--- WORK REQUIRED ---
Range to output from the entries below: the line containing "by rewrite t_one;" through the line containing "have [beta [beta_biadd". Set it down exactly, ends included, nothing else.

(Stored data)

━━━

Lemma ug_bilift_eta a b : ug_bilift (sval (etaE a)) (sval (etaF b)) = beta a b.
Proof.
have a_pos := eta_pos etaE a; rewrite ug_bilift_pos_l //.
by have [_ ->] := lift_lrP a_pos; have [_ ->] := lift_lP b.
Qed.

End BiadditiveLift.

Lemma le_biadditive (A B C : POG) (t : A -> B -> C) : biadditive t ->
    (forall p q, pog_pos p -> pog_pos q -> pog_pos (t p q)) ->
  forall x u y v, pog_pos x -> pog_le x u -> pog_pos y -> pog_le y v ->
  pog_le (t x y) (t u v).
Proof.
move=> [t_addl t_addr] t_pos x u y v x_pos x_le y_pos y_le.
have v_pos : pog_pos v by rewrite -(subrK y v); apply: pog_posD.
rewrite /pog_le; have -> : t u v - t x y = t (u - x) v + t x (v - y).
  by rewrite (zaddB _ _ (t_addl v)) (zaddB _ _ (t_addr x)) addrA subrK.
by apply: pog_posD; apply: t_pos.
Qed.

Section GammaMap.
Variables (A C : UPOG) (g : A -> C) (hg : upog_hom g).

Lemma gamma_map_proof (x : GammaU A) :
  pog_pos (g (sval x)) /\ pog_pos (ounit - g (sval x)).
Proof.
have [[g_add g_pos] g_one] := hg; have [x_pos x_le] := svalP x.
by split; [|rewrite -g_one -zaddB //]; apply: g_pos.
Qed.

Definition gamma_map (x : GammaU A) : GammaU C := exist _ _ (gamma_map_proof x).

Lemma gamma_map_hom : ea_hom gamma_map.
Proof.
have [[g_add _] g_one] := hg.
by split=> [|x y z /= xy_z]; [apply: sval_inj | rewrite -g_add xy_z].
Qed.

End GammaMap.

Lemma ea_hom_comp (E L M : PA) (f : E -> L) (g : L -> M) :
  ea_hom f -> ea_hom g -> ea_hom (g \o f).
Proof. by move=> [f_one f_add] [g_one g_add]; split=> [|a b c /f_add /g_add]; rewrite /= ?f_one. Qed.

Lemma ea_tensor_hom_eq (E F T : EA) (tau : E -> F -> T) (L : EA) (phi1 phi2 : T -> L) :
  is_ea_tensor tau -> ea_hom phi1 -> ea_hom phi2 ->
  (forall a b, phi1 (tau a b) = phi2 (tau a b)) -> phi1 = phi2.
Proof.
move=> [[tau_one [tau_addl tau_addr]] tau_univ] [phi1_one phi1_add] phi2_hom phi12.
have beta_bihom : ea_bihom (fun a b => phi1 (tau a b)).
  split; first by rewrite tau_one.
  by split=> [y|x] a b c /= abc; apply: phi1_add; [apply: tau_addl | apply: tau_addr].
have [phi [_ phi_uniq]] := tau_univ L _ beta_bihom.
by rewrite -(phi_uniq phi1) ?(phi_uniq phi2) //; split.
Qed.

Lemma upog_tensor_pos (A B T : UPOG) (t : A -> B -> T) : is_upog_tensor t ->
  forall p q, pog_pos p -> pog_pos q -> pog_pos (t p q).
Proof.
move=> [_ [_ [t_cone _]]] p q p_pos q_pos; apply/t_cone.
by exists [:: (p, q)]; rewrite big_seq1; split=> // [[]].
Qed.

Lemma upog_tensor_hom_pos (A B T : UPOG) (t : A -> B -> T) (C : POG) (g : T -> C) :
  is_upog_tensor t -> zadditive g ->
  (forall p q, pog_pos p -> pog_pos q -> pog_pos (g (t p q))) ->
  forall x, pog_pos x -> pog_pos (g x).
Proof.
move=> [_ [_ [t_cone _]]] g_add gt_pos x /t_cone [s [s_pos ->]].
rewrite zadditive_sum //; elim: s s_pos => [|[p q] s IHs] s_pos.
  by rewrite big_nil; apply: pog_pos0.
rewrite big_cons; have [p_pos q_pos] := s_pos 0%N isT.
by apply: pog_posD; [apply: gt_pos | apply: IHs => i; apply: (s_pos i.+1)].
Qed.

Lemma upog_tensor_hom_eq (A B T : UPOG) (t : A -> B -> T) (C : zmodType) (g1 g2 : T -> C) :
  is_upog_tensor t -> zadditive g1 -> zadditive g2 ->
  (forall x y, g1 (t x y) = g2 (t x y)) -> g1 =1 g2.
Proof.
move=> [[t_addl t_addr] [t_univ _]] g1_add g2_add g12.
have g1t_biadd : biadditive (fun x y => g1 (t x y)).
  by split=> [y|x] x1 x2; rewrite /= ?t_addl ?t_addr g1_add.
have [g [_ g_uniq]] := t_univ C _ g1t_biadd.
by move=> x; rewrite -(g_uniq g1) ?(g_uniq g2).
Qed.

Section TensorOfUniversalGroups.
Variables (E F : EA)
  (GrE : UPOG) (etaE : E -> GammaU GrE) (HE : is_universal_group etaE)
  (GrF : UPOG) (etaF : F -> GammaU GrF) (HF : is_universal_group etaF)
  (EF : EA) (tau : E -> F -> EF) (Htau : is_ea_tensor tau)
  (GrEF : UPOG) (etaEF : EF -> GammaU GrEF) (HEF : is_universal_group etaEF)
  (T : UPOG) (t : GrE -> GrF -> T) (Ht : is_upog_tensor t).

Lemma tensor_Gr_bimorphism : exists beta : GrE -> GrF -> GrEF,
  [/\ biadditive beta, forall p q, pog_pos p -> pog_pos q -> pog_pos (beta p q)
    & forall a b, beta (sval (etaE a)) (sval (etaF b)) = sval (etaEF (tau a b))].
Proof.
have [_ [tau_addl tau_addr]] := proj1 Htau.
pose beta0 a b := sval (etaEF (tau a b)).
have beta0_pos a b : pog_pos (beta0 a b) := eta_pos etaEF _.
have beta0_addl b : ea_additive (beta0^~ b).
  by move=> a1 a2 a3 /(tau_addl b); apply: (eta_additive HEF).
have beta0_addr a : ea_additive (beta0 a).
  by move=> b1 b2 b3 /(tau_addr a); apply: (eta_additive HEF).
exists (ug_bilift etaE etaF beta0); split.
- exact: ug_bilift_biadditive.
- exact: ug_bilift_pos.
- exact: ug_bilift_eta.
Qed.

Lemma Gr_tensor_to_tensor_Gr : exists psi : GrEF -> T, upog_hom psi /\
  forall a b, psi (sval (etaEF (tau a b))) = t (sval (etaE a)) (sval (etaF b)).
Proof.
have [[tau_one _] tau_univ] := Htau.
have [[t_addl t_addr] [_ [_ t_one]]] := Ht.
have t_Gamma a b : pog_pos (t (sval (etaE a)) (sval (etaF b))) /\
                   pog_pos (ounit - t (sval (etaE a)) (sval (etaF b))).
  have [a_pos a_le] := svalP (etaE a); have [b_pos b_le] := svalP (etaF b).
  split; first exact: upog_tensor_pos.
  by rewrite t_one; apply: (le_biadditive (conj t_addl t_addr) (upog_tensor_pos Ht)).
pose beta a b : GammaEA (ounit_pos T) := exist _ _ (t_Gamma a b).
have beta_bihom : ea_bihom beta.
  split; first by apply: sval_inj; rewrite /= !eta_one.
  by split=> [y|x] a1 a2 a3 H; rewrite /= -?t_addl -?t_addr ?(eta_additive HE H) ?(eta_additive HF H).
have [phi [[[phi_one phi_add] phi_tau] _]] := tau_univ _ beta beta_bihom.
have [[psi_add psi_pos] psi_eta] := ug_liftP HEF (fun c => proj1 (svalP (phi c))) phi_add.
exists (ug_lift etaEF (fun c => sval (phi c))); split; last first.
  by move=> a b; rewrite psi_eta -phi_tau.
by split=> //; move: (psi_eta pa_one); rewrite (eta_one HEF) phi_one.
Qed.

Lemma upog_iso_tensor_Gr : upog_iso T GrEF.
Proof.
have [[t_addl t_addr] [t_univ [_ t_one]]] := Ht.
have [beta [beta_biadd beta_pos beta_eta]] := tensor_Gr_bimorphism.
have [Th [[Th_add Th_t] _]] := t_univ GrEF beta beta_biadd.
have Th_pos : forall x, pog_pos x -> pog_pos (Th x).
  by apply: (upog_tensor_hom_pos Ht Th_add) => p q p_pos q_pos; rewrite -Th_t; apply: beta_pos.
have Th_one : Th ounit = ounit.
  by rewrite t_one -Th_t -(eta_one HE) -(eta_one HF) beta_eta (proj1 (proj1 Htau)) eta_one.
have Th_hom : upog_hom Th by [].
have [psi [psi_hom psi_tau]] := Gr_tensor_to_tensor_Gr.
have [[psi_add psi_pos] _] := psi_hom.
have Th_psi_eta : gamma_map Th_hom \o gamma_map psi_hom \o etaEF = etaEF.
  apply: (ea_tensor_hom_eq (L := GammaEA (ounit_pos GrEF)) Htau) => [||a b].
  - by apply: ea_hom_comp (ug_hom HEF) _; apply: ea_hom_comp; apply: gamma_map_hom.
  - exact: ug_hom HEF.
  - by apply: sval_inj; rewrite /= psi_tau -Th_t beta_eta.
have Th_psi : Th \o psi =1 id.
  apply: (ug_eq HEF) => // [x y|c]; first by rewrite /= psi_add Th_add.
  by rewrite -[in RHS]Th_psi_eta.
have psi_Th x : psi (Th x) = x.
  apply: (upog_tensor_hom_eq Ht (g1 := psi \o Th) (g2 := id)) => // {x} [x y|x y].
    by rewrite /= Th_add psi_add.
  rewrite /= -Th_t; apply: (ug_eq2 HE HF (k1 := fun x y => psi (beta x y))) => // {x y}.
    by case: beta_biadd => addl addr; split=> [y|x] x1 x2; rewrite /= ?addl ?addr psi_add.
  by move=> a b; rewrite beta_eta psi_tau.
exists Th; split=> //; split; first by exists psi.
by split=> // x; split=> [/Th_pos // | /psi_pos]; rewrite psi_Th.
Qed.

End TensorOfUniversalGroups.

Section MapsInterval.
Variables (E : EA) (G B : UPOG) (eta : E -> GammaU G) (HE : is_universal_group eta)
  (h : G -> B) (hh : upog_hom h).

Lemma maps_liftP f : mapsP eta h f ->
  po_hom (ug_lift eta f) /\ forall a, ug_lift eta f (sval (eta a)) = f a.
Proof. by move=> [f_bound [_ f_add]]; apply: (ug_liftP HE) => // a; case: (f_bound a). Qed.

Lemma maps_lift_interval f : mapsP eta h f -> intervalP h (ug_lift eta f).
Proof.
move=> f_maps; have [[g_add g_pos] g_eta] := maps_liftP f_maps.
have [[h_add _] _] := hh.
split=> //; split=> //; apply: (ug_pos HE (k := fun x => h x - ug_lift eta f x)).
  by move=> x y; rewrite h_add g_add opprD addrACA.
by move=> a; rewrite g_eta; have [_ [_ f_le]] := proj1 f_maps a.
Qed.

━━━

--- YOUR RESPONSE ---
  by rewrite t_one; apply: (le_biadditive (conj t_addl t_addr) (upog_tensor_pos Ht)).
pose beta a b : GammaEA (ounit_pos T) := exist _ _ (t_Gamma a b).
have beta_bihom : ea_bihom beta.
  split; first by apply: sval_inj; rewrite /= !eta_one.
  by split=> [y|x] a1 a2 a3 H; rewrite /= -?t_addl -?t_addr ?(eta_additive HE H) ?(eta_additive HF H).
have [phi [[[phi_one phi_add] phi_tau] _]] := tau_univ _ beta beta_bihom.
have [[psi_add psi_pos] psi_eta] := ug_liftP HEF (fun c => proj1 (svalP (phi c))) phi_add.
exists (ug_lift etaEF (fun c => sval (phi c))); split; last first.
  by move=> a b; rewrite psi_eta -phi_tau.
by split=> //; move: (psi_eta pa_one); rewrite (eta_one HEF) phi_one.
Qed.

Lemma upog_iso_tensor_Gr : upog_iso T GrEF.
Proof.
have [[t_addl t_addr] [t_univ [_ t_one]]] := Ht.
have [beta [beta_biadd beta_pos beta_eta]] := tensor_Gr_bimorphism.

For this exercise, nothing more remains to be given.